* _WHAT IS REQUIRED_
Please restate exactly what appears in the records below from the first line to the line where "((x == z)%:R - (walk_end x p == z)%:R)%R." is, that line included.

* _INPUT_
Lemma rank_beta_le_cut_cap : (\rank (beta_mx Tn) <= cut_cap ends c X)%N.
Proof.
pose col K : 'M[C]_(#|{: out_assign ends c}|, 1) := \matrix_(i, j) snk_factor K (enum_val i).
pose row K : 'M[C]_(1, #|{: in_assign ends c}|) := \matrix_(i, j) src_factor K (enum_val j).
have -> : beta_mx Tn = \sum_(K | cut_pattern K) col K *m row K.
  apply/matrixP => i j; rewrite !mxE summxE beta_entry_cut.
  by apply: eq_bigr => K _; rewrite !mxE big_ord1 !mxE mulrC.
rewrite (leq_trans (mxrank_sum_le _ _)) // -card_cut_pattern.
apply: (@leq_trans (\sum_(K | cut_pattern K) 1)); last by rewrite sum1_card.
apply: leq_sum => K _.
by rewrite (leq_trans (mxrankM_maxr _ _)) ?rank_leq_row.
Qed.

End CutBound.

Section Walks.
Variables (S T V E : finType) (ends : E -> node S T V * node S T V).
Local Notation N := (node S T V).

(* The half-edge [(e, b)] doubles as the arc of [e] leaving [hend ends (e, b)]. *)
Definition arc_tail (a : E * bool) : N := hend ends a.
Definition arc_head (a : E * bool) : N := hend ends (a.1, ~~ a.2).

Definition is_input (x : N) : bool := if x is inl _ then true else false.
Definition is_output (x : N) : bool := if x is inr (inl _) then true else false.
Definition is_vertex (x : N) : bool := if x is inr (inr _) then true else false.

Local Open Scope ring_scope.

Fixpoint walk_to_output (x : N) (p : seq (E * bool)) : bool :=
  if p is a :: p' then
    (arc_tail a == x) &&
    (if p' is [::] then is_output (arc_head a)
     else is_vertex (arc_head a) && walk_to_output (arc_head a) p')
  else false.

Definition walk_end (x : N) (p : seq (E * bool)) : N := last x (map arc_head p).

Lemma walk_end_output p x : walk_to_output x p -> is_output (walk_end x p).
Proof.
elim: p x => [|a p IH] x //= /andP [_].
by case: p IH => [|b p] IH //= /andP [_ /IH].
Qed.

Lemma walk_output_arc p x : walk_to_output x p -> exists2 a, a \in p & is_output (arc_head a).
Proof.
elim: p x => [|a p IH] x //= /andP [_].
case: p IH => [|b p] IH; first by exists a; rewrite ?inE ?eqxx.
by case/andP=> _ /IH [a' a'p out_a']; exists a'; rewrite // inE a'p orbT.
Qed.

Lemma sum_walk_telescope (z : N) p x : walk_to_output x p ->
  \sum_(a <- p) (((arc_tail a == z)%:R - (arc_head a == z)%:R) : int)%R =
  ((x == z)%:R - (walk_end x p == z)%:R)%R.
Proof.
elim: p x => [|a p IH] x //= /andP [/eqP <-].
rewrite big_cons; case: p IH => [|b p] IH; first by rewrite big_nil addr0.
by case/andP=> _ /IH ->; rewrite /walk_end /=; ring.
Qed.

Lemma arc_endsE a y : (arc_tail a == y) || (arc_head a == y) =
  ((ends a.1).1 == y) || ((ends a.1).2 == y).
Proof. by case: a => e []; rewrite /arc_tail /arc_head /hend //= orbC. Qed.

Definition walk_step (ok : pred (E * bool)) : rel N := fun x y =>
  ~~ is_output x && ~~ is_input y &&
  [exists a, ok a && (arc_tail a == x) && (arc_head a == y)].

Lemma path_walk_to_output ok q x :
    path (walk_step ok) x q -> uniq (x :: q) -> is_output (last x q) -> q != [::] ->
  exists p, [/\ walk_to_output x p, all ok p, uniq (map fst p) &
    forall a, a \in p -> (arc_tail a \in x :: q) && (arc_head a \in x :: q)].
Proof.
elim: q x => [|y q IH] x //= /andP [xy ypath] /andP [xNq uq] out_last _.
case/andP: xy => /andP [_ yNin] /existsP [a /andP [/andP [ok_a /eqP tl_a] /eqP hd_a]].
case: q IH ypath uq out_last xNq => [|z q] IH ypath uq out_last xNq.
  exists [:: a]; split => //=; rewrite ?ok_a ?tl_a ?hd_a ?eqxx ?out_last //.
  by move=> b; rewrite inE => /eqP ->; rewrite tl_a hd_a !inE !eqxx orbT.
have [p [wp okp up p_in]] := IH y ypath uq out_last isT.
have y_vx : is_vertex y.
  move: ypath => /= /andP [/andP [/andP [yNout _] _] _].
  by move: yNin yNout; case: (y) => [|[]].
exists (a :: p); split => /=.
- by rewrite tl_a eqxx /= hd_a; case: p wp {okp up p_in} => [|b p] //= ->; rewrite y_vx.
- by rewrite ok_a okp.
- rewrite up andbT; apply/negP => /mapP [b bp eab].
  have /andP [tl_b hd_b] := p_in b bp.
  have : (arc_tail a == x) || (arc_head a == x) by rewrite tl_a eqxx.
  rewrite arc_endsE eab -arc_endsE => /orP [] /eqP eb.
    by move: tl_b; rewrite eb (negbTE xNq).
  by move: hd_b; rewrite eb (negbTE xNq).
- move=> b; rewrite inE => /orP [/eqP ->|bp].
    by rewrite tl_a hd_a !inE !eqxx /= orbT.
  by have := p_in b bp; rewrite !inE => /andP [-> ->]; rewrite !orbT.
Qed.

(* [X] collects the vertices reachable from the inputs along [ok] arcs. *)
Lemma walk_or_closed_set (ok : pred (E * bool)) :
  (exists u p, [/\ walk_to_output (inl u) p, all ok p & uniq (map fst p)]) \/
  (exists X : {set V}, forall a, ok a -> side X (arc_tail a) -> side X (arc_head a)).
Proof.
pose R := [set x : N | [exists u : S, connect (walk_step ok) (inl u) x]].
have R_in u : inl u \in R by rewrite inE; apply/existsP; exists u.
have R_step x y : x \in R -> walk_step ok x y -> y \in R.
  by rewrite !inE => /existsP [u ux] xy; apply/existsP; exists u; apply: connect_trans ux (connect1 xy).
case: (boolP [exists t : T, inr (inl t) \in R]) => [/existsP [t]|noT].
  rewrite inE => /existsP [u] /connectP [q0 q0path t_last]; move: t_last.
  case: (shortenP q0path) => q qpath uq _ t_last; left; exists u.
  have q_nil : q != [::] by case: (q) t_last.
  have out_q : is_output (last (inl u) q) by rewrite -t_last.
  by have [p [wp okp up _]] := path_walk_to_output qpath uq out_q q_nil; exists p.
right; exists [set v | inr (inr v) \in R] => a ok_a side_tl.
have [tl_R tl_Nout] : arc_tail a \in R /\ ~~ is_output (arc_tail a).
  case: (arc_tail a) side_tl => [u _|[t //|v]] /=; first by split; [exact: R_in|].
  by rewrite inE => vR; split.
have hd_R : ~~ is_input (arc_head a) -> arc_head a \in R.
  move=> hd_Nin; apply: R_step tl_R _; rewrite /walk_step tl_Nout hd_Nin /=.
  by apply/existsP; exists a; rewrite ok_a !eqxx.
case hd_a: (arc_head a) hd_R => [u|[t|v]] //= /(_ isT); last by rewrite inE.
by move=> t_R; case/existsP: noT; exists t.
Qed.

End Walks.

Section Flows.
Variables (S T V E : finType) (ends : E -> node S T V * node S T V) (m : E -> nat).
Local Notation N := (node S T V).
Local Notation tail := (arc_tail ends).
Local Notation head := (arc_head ends).
Local Notation walk := (walk_to_output ends).

Local Open Scope ring_scope.

(* [phi e] is the flow along [e] from [(ends e).1] to [(ends e).2]. *)
Definition arc_sign (a : E * bool) : int := if a.2 then 1 else -1.
Definition arc_flow (phi : E -> int) (a : E * bool) : int := arc_sign a * phi a.1.
Definition outflow (phi : E -> int) (x : N) : int := \sum_(a | tail a == x) arc_flow phi a.
Definition conservative (phi : E -> int) := forall v : V, outflow phi (inr (inr v)) = 0.
Definition feasible (phi : E -> int) := forall e, `|phi e| <= (m e)%:Z.
Definition flow_value (phi : E -> int) : int := \sum_(u : S) outflow phi (inl u).
Definition cut_weight (X : {set V}) : int := \sum_(e in cut_set ends X) (m e)%:Z.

* _TASK SOLUTION_
Lemma rank_beta_le_cut_cap : (\rank (beta_mx Tn) <= cut_cap ends c X)%N.
Proof.
pose col K : 'M[C]_(#|{: out_assign ends c}|, 1) := \matrix_(i, j) snk_factor K (enum_val i).
pose row K : 'M[C]_(1, #|{: in_assign ends c}|) := \matrix_(i, j) src_factor K (enum_val j).
have -> : beta_mx Tn = \sum_(K | cut_pattern K) col K *m row K.
  apply/matrixP => i j; rewrite !mxE summxE beta_entry_cut.
  by apply: eq_bigr => K _; rewrite !mxE big_ord1 !mxE mulrC.
rewrite (leq_trans (mxrank_sum_le _ _)) // -card_cut_pattern.
apply: (@leq_trans (\sum_(K | cut_pattern K) 1)); last by rewrite sum1_card.
apply: leq_sum => K _.
by rewrite (leq_trans (mxrankM_maxr _ _)) ?rank_leq_row.
Qed.

End CutBound.

Section Walks.
Variables (S T V E : finType) (ends : E -> node S T V * node S T V).
Local Notation N := (node S T V).

(* The half-edge [(e, b)] doubles as the arc of [e] leaving [hend ends (e, b)]. *)
Definition arc_tail (a : E * bool) : N := hend ends a.
Definition arc_head (a : E * bool) : N := hend ends (a.1, ~~ a.2).

Definition is_input (x : N) : bool := if x is inl _ then true else false.
Definition is_output (x : N) : bool := if x is inr (inl _) then true else false.
Definition is_vertex (x : N) : bool := if x is inr (inr _) then true else false.

Local Open Scope ring_scope.

Fixpoint walk_to_output (x : N) (p : seq (E * bool)) : bool :=
  if p is a :: p' then
    (arc_tail a == x) &&
    (if p' is [::] then is_output (arc_head a)
     else is_vertex (arc_head a) && walk_to_output (arc_head a) p')
  else false.

Definition walk_end (x : N) (p : seq (E * bool)) : N := last x (map arc_head p).

Lemma walk_end_output p x : walk_to_output x p -> is_output (walk_end x p).
Proof.
elim: p x => [|a p IH] x //= /andP [_].
by case: p IH => [|b p] IH //= /andP [_ /IH].
Qed.

Lemma walk_output_arc p x : walk_to_output x p -> exists2 a, a \in p & is_output (arc_head a).
Proof.
elim: p x => [|a p IH] x //= /andP [_].
case: p IH => [|b p] IH; first by exists a; rewrite ?inE ?eqxx.
by case/andP=> _ /IH [a' a'p out_a']; exists a'; rewrite // inE a'p orbT.
Qed.

Lemma sum_walk_telescope (z : N) p x : walk_to_output x p ->
  \sum_(a <- p) (((arc_tail a == z)%:R - (arc_head a == z)%:R) : int)%R =
  ((x == z)%:R - (walk_end x p == z)%:R)%R.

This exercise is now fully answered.